(* C : numClosedFieldType plays the role of the complex numbers (e.g. algC). *)
Theorem lemmaB4 (C : numClosedFieldType) (N : nat) (w : C)
  (hN : (2 <= N)%N) (hw : N.-primitive_root w)
  (m : nat) (hm : (1 <= m)%N) (z : 'I_m -> C) (hz : injective z)
  (t : C) (tau : int)
  (hJ : forall (K : {set 'I_m}) (j : 'I_m), j \notin K ->
          t * z j * w ^ (tau + (#|K|)%:Z + 1) - 1 != 0)
  (hK : forall (K : {set 'I_m}) (k : 'I_m), k \in K ->
          t * z k * w ^ (tau + (#|K|)%:Z) - 1 != 0) :
  \sum_(JK : {set 'I_m} * {set 'I_m} |
          [disjoint JK.1 & JK.2] && (JK.1 :|: JK.2 == [set: 'I_m]))
    ((-1) ^+ #|JK.2|
     * (\prod_(j in JK.1) (t * z j * w ^ (tau + (#|JK.2|)%:Z + 1) - 1)^-1)
     * (\prod_(q < #|JK.2|)
          (w ^+ q / (t * z (enum_val q) * w ^ (tau + (#|JK.2|)%:Z) - 1)))
     * (\prod_(j in JK.1) \prod_(k in JK.2)
          ((z k - z j * w) / (z k - z j)))) = 0.
Proof.
case: m hm z hz hJ hK => [//|p] _ z hz hJ hK.
have w_neq0 : w != 0 by rewrite (prim_root_eq0 hw) -lt0n (prim_order_gt0 hw).
rewrite sum_ordered_partitions /= -[RHS](sum_coef_det_eq0 z t tau w_neq0).
apply: eq_bigr => K _.
by apply: summand_coefE => // [j|k]; [exact: hJ | exact: hK].
Qed.
(* As |L| = |L| + |L|, every big set is the union of two disjoint big sets. *)
Lemma big_halves (C : L -> Prop) : big C ->
  exists H : L -> Prop, (forall x, H x -> C x) /\ big H /\ big (fun x => C x /\ ~ H x).
Proof.
intros [f [f_inj fC]]. exists (fun y => exists x, y = f (e0 x)). split; [|split].
- intros y [x ->]. apply fC.
- exists (fun x => f (e0 x)). split; [intros x y E; apply e0_inj, f_inj, E|intro x; exists x; reflexivity].
- exists (fun x => f (e1 x)). split; [intros x y E; apply e1_inj, f_inj, E|].
  intro x. split; [apply fC|]. intros [x' E]. apply f_inj in E. exact (e_disj (eq_sym E)).
Qed.

(* A maximal independent family on L is infinite: otherwise choosing one half of
   every atom gives a big set splitting every combination. *)
Lemma maximal_independent_infinite (l0 : L) A (lst : list (L -> Prop)) :
  maximal_independent A -> ~ (forall X, A X -> In X lst).
Proof.
intros HA lst_cov.
set (half := fun C => epsilon (inhabits (fun _ : L => False))
               (fun H => (forall x, H x -> C x) /\ big H /\ big (fun x => C x /\ ~ H x))).
assert (half_spec : forall C, big C ->
          (forall x, half C x -> C x) /\ big (half C) /\ big (fun x => C x /\ ~ half C x))
  by (intros C bC; exact (epsilon_spec _ _ (big_halves bC))).
set (S := fun y => half (atom A lst y) y).
assert (S_splits : forall Gam Del, admissible A Gam Del -> splits S (comb_set Gam Del)).
{ intros Gam Del adm.
  destruct (big_inhabited l0 (admissible_big (proj1 HA) adm)) as [x0 Cx0].
  destruct (half_spec _ (atom_big lst x0 (proj1 HA))) as [half_sub [inS outS]].
  split; [apply (big_mono inS)|apply (big_mono outS)];
    [intros y Hy; pose proof (half_sub y Hy) as ay|intros y [ay nHy]];
    (split; [exact (atom_sub lst_cov adm Cx0 ay)|unfold S; rewrite (atom_eq ay); assumption]). }
assert (adm0 : admissible A nil nil) by (split; [|split]; intros X []).
apply (no_universal_splitter l0 HA (S := S)); [|exact S_splits].
destruct (S_splits nil nil adm0) as [inS _]. apply (big_mono inS). tauto.
Qed.
End DoublingSpace.
(* Consider the protocol: for $t=1,\ldots,T$, the adversary reveals $\boldsymbol v_t\in\mathbb{R}^d$, the learner chooses $\boldsymbol w_t\in\mathbb{R}^d$ and predicts $\boldsymbol w_t^T\boldsymbol v_t$, the adversary reveals a loss $f_t(\boldsymbol w)=\ell_t(\boldsymbol w^T\boldsymbol v_t)$, and the learner suffers $\ell_t(\boldsymbol w_t^T\boldsymbol v_t)$. Let $B>0$ and $\mathcal{K}=\{\boldsymbol w\in\mathbb{R}^d:\ |\boldsymbol w^T\boldsymbol v_t|\le B\ \forall t\in[T]\}$. Suppose the $f_t$ are $\alpha$-exp-concave and $G$-Lipschitz, and the $\ell_t$ are Lipschitz smooth. Running FLH with learning rate $\zeta=\alpha$ and base learners $E^j$ being instances of the invariant Online Newton Step algorithm of Luo, Agarwal, Cesa-Bianchi and Langford (2016) started at time $j$ yields, for every comparator sequence $\boldsymbol z_1,\ldots,\boldsymbol z_T\in\mathcal{K}$, $$\sum_{t=1}^T\big(f_t(\boldsymbol w_t)-f_t(\boldsymbol z_t)\big)=\tilde O\big(d\sqrt{TV_T}\vee d^2\big),$$ where $V_T=\sum_{t=2}^T\|\boldsymbol z_t-\boldsymbol z_{t-1}\|$ and $\tilde O$ hides dependence on $G,\alpha$ and polylogarithmic factors of $T$.
   Context: $f$ is $\alpha$-exp-concave if $f(\boldsymbol y)\ge f(\boldsymbol x)+(\boldsymbol y-\boldsymbol x)^T\nabla f(\boldsymbol x)+\frac\alpha2((\boldsymbol y-\boldsymbol x)^T\nabla f(\boldsymbol x))^2$; $G$-Lipschitz means $|f(\boldsymbol x)-f(\boldsymbol y)|\le G\|\boldsymbol x-\boldsymbol y\|$ (Euclidean norm). $a\vee b=\max\{a,b\}$. FLH with learning rate $\zeta$ and base learners $E^1,\ldots,E^T$: maintain a probability vector $v_t\in\mathbb{R}^t$ with $v_1^{(1)}=1$; at round $t$ let $x_t^{(j)}$ be the prediction of $E^j$ for $j\le t$ and play $x_t=\sum_{j=1}^t v_t^{(j)}x_t^{(j)}$; after observing $f_t$ set $\hat v_{t+1}^{(i)}=v_t^{(i)}e^{-\zeta f_t(x_t^{(i)})}/\sum_{j=1}^t v_t^{(j)}e^{-\zeta f_t(x_t^{(j)})}$ for $i\le t$, then $v_{t+1}^{(t+1)}=1/(t+1)$ and $v_{t+1}^{(i)}=(1-(t+1)^{-1})\hat v_{t+1}^{(i)}$ for $i\le t$. The invariant ONS base learner has static regret $O(d^2\log T)$ against $\mathcal{K}$ under these assumptions. *)

From HB Require Import structures.
From mathcomp Require Import all_boot all_order all_algebra.
From mathcomp Require Import all_classical all_reals all_analysis.
Set Implicit Arguments. Unset Strict Implicit. Unset Printing Implicit Defensive.
Import Order.TTheory GRing.Theory Num.Theory.
Import numFieldNormedType.Exports.
Local Open Scope ring_scope.
(* The two vertices of a bead see the same colours on its double edge; in bead [0]
   both are the hair colour [0]. *)
Lemma necklace_bead_ge0 j : (j < K)%N ->
  0 <= \prod_(0 <= t < 6) halfedge_weight s i c (inord (t + j * 6)).
Proof.
move=> j_lt; rewrite !big_nat_recl // big_geq //= mulr1.
rewrite !necklace_halfedge_weight ?neck_s_bead //=; try lia.
have c4 : c (inord (4 + j * 6)) = c (inord (1 + j * 6)).
  rewrite -necklace_edge_color /neck_size; last by lia.
  by congr (c (inord _)); rewrite /neck_i; case_ifs; lia.
have c5 : c (inord (5 + j * 6)) = c (inord (2 + j * 6)).
  have [->|j_gt0] := posnP j; last first.
    rewrite -necklace_edge_color /neck_size; last by lia.
    by congr (c (inord _)); rewrite /neck_i; case_ifs; lia.
  have hair k : (k = 2 \/ k = 5)%N -> c (inord k) = 0.
    move=> k25; rewrite -necklace_edge_color ?necklace_hair_color //;
      by rewrite /neck_size /neck_i; case_ifs; lia.
  by rewrite (hair (5 + 0 * 6)%N) ?(hair (2 + 0 * 6)%N) //; lia.
by rewrite c4 c5; apply: eps_bead_ge0.
Qed.

Lemma coloring_weight_necklace_nz_ge0 : 0 <= coloring_weight s i c.
Proof.
rewrite /coloring_weight (_ : \prod_x _ = \prod_(0 <= k < M) halfedge_weight s i c (inord k)).
  rewrite (big_cat_nat _ (n := (K * 6)%N)) /=; try by rewrite /neck_size; lia.
  apply: mulr_ge0.
    rewrite big_nat_mul big_nat_cond; apply: prodr_ge0 => j /andP[/andP[_ j_lt] _].
    by rewrite -{1}[(j * 6)%N]add0n big_addn mulSn addnK; apply: necklace_bead_ge0.
  rewrite big_nat_cond; apply: prodr_ge0 => k /andP[/andP[k_ge k_lt] _].
  by apply: halfedge_weight_hair_ge0; apply/eqP; rewrite necklace_hair inordK //; lia.
by rewrite big_mkord; apply: eq_bigr => x _; rewrite inord_val.
Qed.
Lemma hemb1_liftable : kswitch_liftable hemb1 hemb2.
Proof.
move=> c a b T pc ab clT.
have [T' TT' dis] : exists2 T', T' \in [:: T; ~: T] &
    [disjoint [set e | (e == e1) && in_ab a b (c (hemb1 e))] & T'].
  by apply: disjoint_or_compl => e f; rewrite !inE => /andP[/eqP-> _] /andP[/eqP-> _].
have clT' : kclosed (restrict hemb1 c) a b T'.
  by move: TT'; rewrite !inE => /orP[] /eqP->; last apply: kclosedC.
pose S := hemb1 @: (T' :\ e1).
have S_inner x : x \in S -> exists s, x = inl (inl s).
  by case/imsetP=> e; rewrite !inE => /andP[ee _] ->; exists (exist _ e ee); rewrite hemb1_out.
have memS e : in_ab a b (c (hemb1 e)) -> (hemb1 e \in S) = (e \in T').
  move=> ae; rewrite mem_imset ?inE; last exact: hemb1_inj.
  have [ee | //] := eqVneq e e1; subst e.
  by apply/esym/(disjointFr dis); rewrite inE eqxx.
have S_ret x u : inc x (inl u : vert G) -> (x \in S) = (hemb1 (hret1 x) \in S).
  case: x => [[[e h] | s] | bb]; rewrite ?inc_edge2_l //= => _; first by rewrite (hemb1_out h).
  by rewrite hemb1_e1; apply/idP/idP=> /S_inner[].
exists S, T'; split=> //.
- apply/kclosedP=> -[u|u] x y xu yu ax ay.
    rewrite (hret1_color pc xu) in ax; rewrite (hret1_color pc yu) in ay.
    rewrite (S_ret _ _ xu) (S_ret _ _ yu) !memS //.
    by move/kclosedP: clT' => /(_ u _ _ (hret1_inc xu) (hret1_inc yu)); rewrite !ffunE; apply.
  have notS z : inc z (inr u : vert G) -> z \notin S.
    by move=> zu; apply/negP=> /S_inner[s zs]; rewrite zs inc_edge1_r in zu.
  by rewrite (negbTE (notS x xu)) (negbTE (notS y yu)).
- apply/ffunP=> e; rewrite !ffunE.
  have [ae|ae] := boolP (in_ab a b (c (hemb1 e))); first by rewrite memS.
  by case: ifP; case: ifP; rewrite ?swap_out.
- apply/ffunP=> f; rewrite !ffunE.
  by case: ifP => // /S_inner[s /eqP]; rewrite hemb2_not_edge1.
Qed.

Lemma hemb2_liftable : kswitch_liftable hemb2 hemb1.
Proof.
move=> c a b T pc ab clT.
have [T' TT' dis] : exists2 T', T' \in [:: T; ~: T] &
    [disjoint [set e | (e == e2) && in_ab a b (c (hemb2 e))] & T'].
  by apply: disjoint_or_compl => e f; rewrite !inE => /andP[/eqP-> _] /andP[/eqP-> _].
have clT' : kclosed (restrict hemb2 c) a b T'.
  by move: TT'; rewrite !inE => /orP[] /eqP->; last apply: kclosedC.
pose S := hemb2 @: (T' :\ e2).
have S_inner x : x \in S -> exists s, x = inl (inr s).
  by case/imsetP=> e; rewrite !inE => /andP[ee _] ->; exists (exist _ e ee); rewrite hemb2_out.
have memS e : in_ab a b (c (hemb2 e)) -> (hemb2 e \in S) = (e \in T').
  move=> ae; rewrite mem_imset ?inE; last exact: hemb2_inj.
  have [ee | //] := eqVneq e e2; subst e.
  by apply/esym/(disjointFr dis); rewrite inE eqxx.
have S_ret x u : inc x (inr u : vert G) -> (x \in S) = (hemb2 (hret2 x) \in S).
  case: x => [[s | [e h]] | bb]; rewrite ?inc_edge1_r //= => _; first by rewrite (hemb2_out h).
  by rewrite hemb2_e2; apply/idP/idP=> /S_inner[].
exists S, T'; split=> //.
- apply/kclosedP=> -[u|u] x y xu yu ax ay; last first.
    rewrite (hret2_color pc xu) in ax; rewrite (hret2_color pc yu) in ay.
    rewrite (S_ret _ _ xu) (S_ret _ _ yu) !memS //.
    by move/kclosedP: clT' => /(_ u _ _ (hret2_inc xu) (hret2_inc yu)); rewrite !ffunE; apply.
  have notS z : inc z (inl u : vert G) -> z \notin S.
    by move=> zu; apply/negP=> /S_inner[s zs]; rewrite zs inc_edge2_l in zu.
  by rewrite (negbTE (notS x xu)) (negbTE (notS y yu)).
- apply/ffunP=> e; rewrite !ffunE.
  have [ae|ae] := boolP (in_ab a b (c (hemb2 e))); first by rewrite memS.
  by case: ifP; case: ifP; rewrite ?swap_out.
- apply/ffunP=> f; rewrite !ffunE.
  by case: ifP => // /S_inner[s /eqP]; rewrite hemb1_not_edge2.
Qed.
____
Check each line of the listing for "subst", and copy the ones that hold it.

▶ _TASK SOLUTION_
  have [ee | //] := eqVneq e e1; subst e.
  have [ee | //] := eqVneq e e2; subst e.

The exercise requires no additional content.